:: THE TASK ::
Please filter the entries and return only the lines that include "eqType".
----
Lemma sphere_graph_meet u w : sphere_graph c rho u w ->
  exists x, vdist x (c u) = rho u /\ vdist x (c w) = rho w.
Proof.
case/andP=> _ /asboolP[x [xu xw]].
by exists x; split; apply/dist2_eq.
Qed.

Lemma contains_rho_lt v u : (0 < d)%N -> injective (fun v => (c v, rho v)) ->
  contains c rho v u -> v != u -> rho u < rho v.
Proof.
move=> d0 inj /(containsP _ _ d0) le_uv; apply: contraNlt => le_vu.
have D0 := vdist_ge0 (c u) (c v).
have /eqP : vdist (c u) (c v) = 0 by lra.
rewrite vdist_eq0 => /eqP cuv; apply/eqP/inj; congr pair => //; lra.
Qed.

Lemma overlap_sphere_graph x u w : (1 < d)%N ->
  dist2 x (c u) <= rho u ^+ 2 -> dist2 x (c w) <= rho w ^+ 2 -> u != w ->
  ~ contains c rho u w -> ~ contains c rho w u -> sphere_graph c rho u w.
Proof.
move=> d1 xu xw uw not_uw not_wu; have d0 : (0 < d)%N by apply: ltnW.
rewrite /sphere_graph uw; apply/asboolP.
rewrite !dist2_le ?rho_ge0 // in xu xw.
have far : `|rho u - rho w| < vdist (c u) (c w).
  rewrite ltr_norml; apply/andP; split; rewrite ltNge; apply/negP => le.
    by apply: not_wu; apply/containsP => //; lra.
  by apply: not_uw; apply/containsP; rewrite // vdistC; lra.
have near : vdist (c u) (c w) <= rho u + rho w.
  by have := vdist_triangle (c u) x (c w); rewrite vdistC in xu; lra.
have [p [pu pw]] := spheres_intersect d1 far near.
by exists p; split; apply/dist2_eq.
Qed.
Lemma mem_inboxP (p : 'I_n) t x : x \in inbox E p t ->
  exists q t0 m, [/\ t0 < t, m \in out E q p t0 & x \in m].
Proof.
move=> /flattenP [_ /mapP [q _ ->]] /flattenP [_ /mapP [t0 t0t ->]].
move=> /flattenP [_ /mapP [m mout ->]] xm.
move: t0t mout; rewrite mem_iota add0n mem_filter => /andP[_ t0t] /andP[_ mout].
by exists q, t0, m.
Qed.

Section CorrectProcessor.
Variable p : 'I_n.
Hypothesis p_correct : correct E p.

Lemma correct_prev_state_inv t :
  own_votes_inv p (prev_state E p t) /\
  forall r t0 m, t0 < t -> m \in out E p r t0 -> {subset m <= lS (prev_state E p t)}.
Proof.
have [_ follows _ unforgeable _] := E_minimmit.
elim: t => [|t [inv_prev sent_prev]]; first by split.
have inbox_votes b :
    (p, PVote b) \in inbox E p t -> (p, PVote b) \in lS (prev_state E p t).
  (* Signatures of [p] cannot be forged: such a vote was sent by [p] earlier. *)
  move=> /mem_inboxP [q [t0 [m [t0t mout xm]]]].
  have [r [t' [m' [t't m'out xm']]]] := unforgeable _ _ _ _ _ mout xm p_correct.
  exact: sent_prev r t' m' (leq_ltn_trans t't t0t) m'out _ xm'.
have [ob [slot out_ob]] := follows p t p_correct.
have start_inv : config_inv p (start_state E p t, [::]).
  by split=> //; apply: own_votes_inv_cat.
have [[inv_st ob_sub] grows] := preserves_timeslot slot start_inv.
split=> // r t0 m; rewrite ltnS leq_eqVlt => /orP[/eqP->|t0t].
  by rewrite out_ob => /ob_sub.
move=> /(sent_prev r t0 m t0t) sub x /sub xS; apply: grows.
by rewrite /= mem_cat xS.
Qed.

Lemma correct_vote_recorded b : sends_vote E p b ->
  exists t0, forall t, t0 < t -> (p, PVote b) \in lS (prev_state E p t).
Proof.
case=> r [t0 [m [mout vm]]]; exists t0 => t t0t.
by have [_ sent] := correct_prev_state_inv t; apply: sent mout _ vm.
Qed.

Lemma correct_vote_view_gt0 b : sends_vote E p b -> 0 < bview b.
Proof.
case/correct_vote_recorded=> t0 recorded.
have [[_ votes_view _] _] := correct_prev_state_inv t0.+1.
by have [] := votes_view b (recorded _ (ltnSn _)).
Qed.

Lemma correct_votes_unique b1 b2 : sends_vote E p b1 -> sends_vote E p b2 ->
  bview b1 = bview b2 -> b1 = b2.
Proof.
case/correct_vote_recorded=> t1 rec1 /correct_vote_recorded [t2 rec2].
have [[_ _ votes_uniq] _] := correct_prev_state_inv (maxn t1 t2).+1.
by apply: votes_uniq; [apply: rec1 | apply: rec2]; rewrite ltnS ?leq_maxl ?leq_maxr.
Qed.

End CorrectProcessor.

Lemma correct_in_quorum (A : {set 'I_n}) :
  f < #|A| -> exists2 q, q \in A & correct E q.
Proof.
have [few_faulty _ _ _ _] := E_minimmit.
move=> /(leq_ltn_trans few_faulty) /card_gt_exists_notin [q qA].
by rewrite inE negbK; exists q.
Qed.

Lemma receives_M_view_gt0 b :
  receives_M f hnil E b -> b != genesis Tx hnil -> 0 < bview b.
Proof.
case=> [-> /eqP //|[A [A_big A_votes]] _].
have [q qA q_correct] : exists2 q, q \in A & correct E q.
  by apply: correct_in_quorum; lia.
exact: (correct_vote_view_gt0 q_correct (A_votes q qA)).
Qed.

Lemma receives_L_M_common_voter b b' : f <= n ->
  receives_L f hnil E b -> receives_M f hnil E b' ->
  b != genesis Tx hnil -> b' != genesis Tx hnil ->
  exists2 q, correct E q & sends_vote E q b /\ sends_vote E q b'.
Proof.
move=> fn b_L b'_M + b'_ng; case: b_L => [-> /eqP //|[A [A_big A_votes]] _].
case: b'_M b'_ng => [-> /eqP //|[A' [A'_big A'_votes]] _].
have [|q] := correct_in_quorum (A := A :&: A').
  by apply: card_setI_gt; rewrite card_ord; lia.
rewrite inE => /andP[qA qA'] q_correct.
by exists q => //; split; [apply: A_votes | apply: A'_votes].
Qed.

End Execution.

Lemma receives_L_M n f (Tx Hash : eqType) (hnil : Hash) (E : execution n Tx Hash) b :
  3 * f + 1 <= n -> receives_L f hnil E b -> receives_M f hnil E b.
Proof.
by move=> nf [|[A [A_big A_votes]]]; [left | right; exists A; split=> //; lia].
Qed.

Theorem lemma2 (n f Delta : nat) (Tx Hash : eqType) (hnil : Hash)
    (H : block Tx Hash -> Hash) (E : execution n Tx Hash) :
  5 * f + 1 <= n ->
  minimmit_execution f Delta hnil H E ->
  forall b b' : block Tx Hash,
    receives_L f hnil E b ->
    b' <> b -> bview b' = bview b ->
    ~ receives_M f hnil E b'.
Proof.
move=> nf E_minimmit b b' b_L b'_neq_b same_view b'_M.
have b_M : receives_M f hnil E b by apply: receives_L_M b_L; lia.
have [b_gen|b_ng] := eqVneq b (genesis Tx hnil).
  have b'_ng : b' != genesis Tx hnil by apply/eqP; rewrite -b_gen.
  by have := receives_M_view_gt0 E_minimmit b'_M b'_ng; rewrite same_view b_gen.
have [b'_gen|b'_ng] := eqVneq b' (genesis Tx hnil).
  by have := receives_M_view_gt0 E_minimmit b_M b_ng; rewrite -same_view b'_gen.
have [|q q_correct [votes_b votes_b']] :=
  receives_L_M_common_voter E_minimmit _ b_L b'_M b_ng b'_ng; first by lia.
by apply: b'_neq_b; apply: (correct_votes_unique E_minimmit q_correct).
Qed.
----
:: EXERCISE RESPONSE ::
Lemma receives_L_M n f (Tx Hash : eqType) (hnil : Hash) (E : execution n Tx Hash) b :
Theorem lemma2 (n f Delta : nat) (Tx Hash : eqType) (hnil : Hash)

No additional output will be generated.